In Iran’s 10-point plan for ending the war was the condition that Israel cease bombing Lebanon or they would not open the Strait of Hormuz. The Trump Administration imposed its own naval blockade of the area east of the Strait and was stopping ships that had been able to traverse the Strait due to arrangements with Iran or by paying its tolls. Ships sailing under the flag of China were ordered to return back west among others. It became nearly impossible to gauge the actual impact of both blockades with at least Tankermap.com indicating a handful of ships had made it through on the Oman side of the Gulf of Oman. With the announced Israel/Lebanon ceasefire, Iran announced that the Strait of Hormuz is “completely open for the remaining period of the ceasefire. However, the IRGC has stated tankers must still “coordinate” with them. It’s not known if that includes paying tolls still. Indian refiners have now stop the purchase of Iranian crude as the 30-day US exemption from sanctions expires. Waivers for purchasing Russian oil have also expired and the US has stated it will not renew either of them. Iran has indicated that it has sufficient storage whereby it can withstand a halt in exports for up to (2) months.

OPEC saw a drop of -7.9 million bld. in output in March as a result of the Strait blockade. Meanwhile, China, still the world’s No. 1 crude importer,  reached a new domestic oil production peak of 4.5 million bld. last month. China has been stockpiling crude reserves for several months.
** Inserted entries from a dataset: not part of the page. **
Lemma gE_plucker E : gE B E = #|[set i | (row i plucker_mx <= E)%MS]|.
Proof.
rewrite /gE; have -> : [set w in Tset B | (w <= E)%MS] =
          [set wedge_rows (B (enum_val i)) | i in [set i | (row i plucker_mx <= E)%MS]].
  apply/setP => w; rewrite inE; apply/andP/imsetP => [[/imsetP[U gU ->] UE]|[i]].
    exists (enum_rank_in gU U); last by rewrite (enum_rankK_in gU gU).
    by rewrite inE row_plucker_mx (enum_rankK_in gU gU).
  rewrite inE row_plucker_mx => iE ->; split=> //.
  by apply: imset_f; apply: enum_valP.
rewrite card_in_imset // => i j _ _.
by move/(plucker_inj (enum_valP i) (enum_valP j))/enum_val_inj.
Qed.
End GrassmannCode.

Theorem corollary5p2 (F : finFieldType) (l m : nat) (B : 'M[F]_m -> 'M[F]_(l, m)) :
  (1 <= l <= m)%N ->
  (forall U, U \in grass F l m -> (B U == U)%MS) ->
  forall s : nat, (1 <= s <= 'C(m, l))%N ->
  dr (grassmann_code B) s = (#|grass F l m| - g_s B s)%N.
Proof.
move=> /andP[_ lm] B_basis s /andP[_ le_sC].
rewrite grassmann_codeE // dr_row_span ?card_incr ?row_full_plucker_mx //.
by congr (_ - _)%N; apply: eq_bigr => E _; rewrite gE_plucker.
Qed.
The IEA has warned that it will take the Middle East at least (2) years to recover and reach the pre-war production levels. The agency had previously cautioned that a prolonged war would impact both supply and demand with the latter seeing a dramatic drop due to higher prices. Currently, they are forecasting a drop in the global demand for crude of -90k bld. this year when, before the war, they projected a growth in demand of +730k bld. Some countries have already taken demand reducing measures such as fuel rationing and shortened work weeks.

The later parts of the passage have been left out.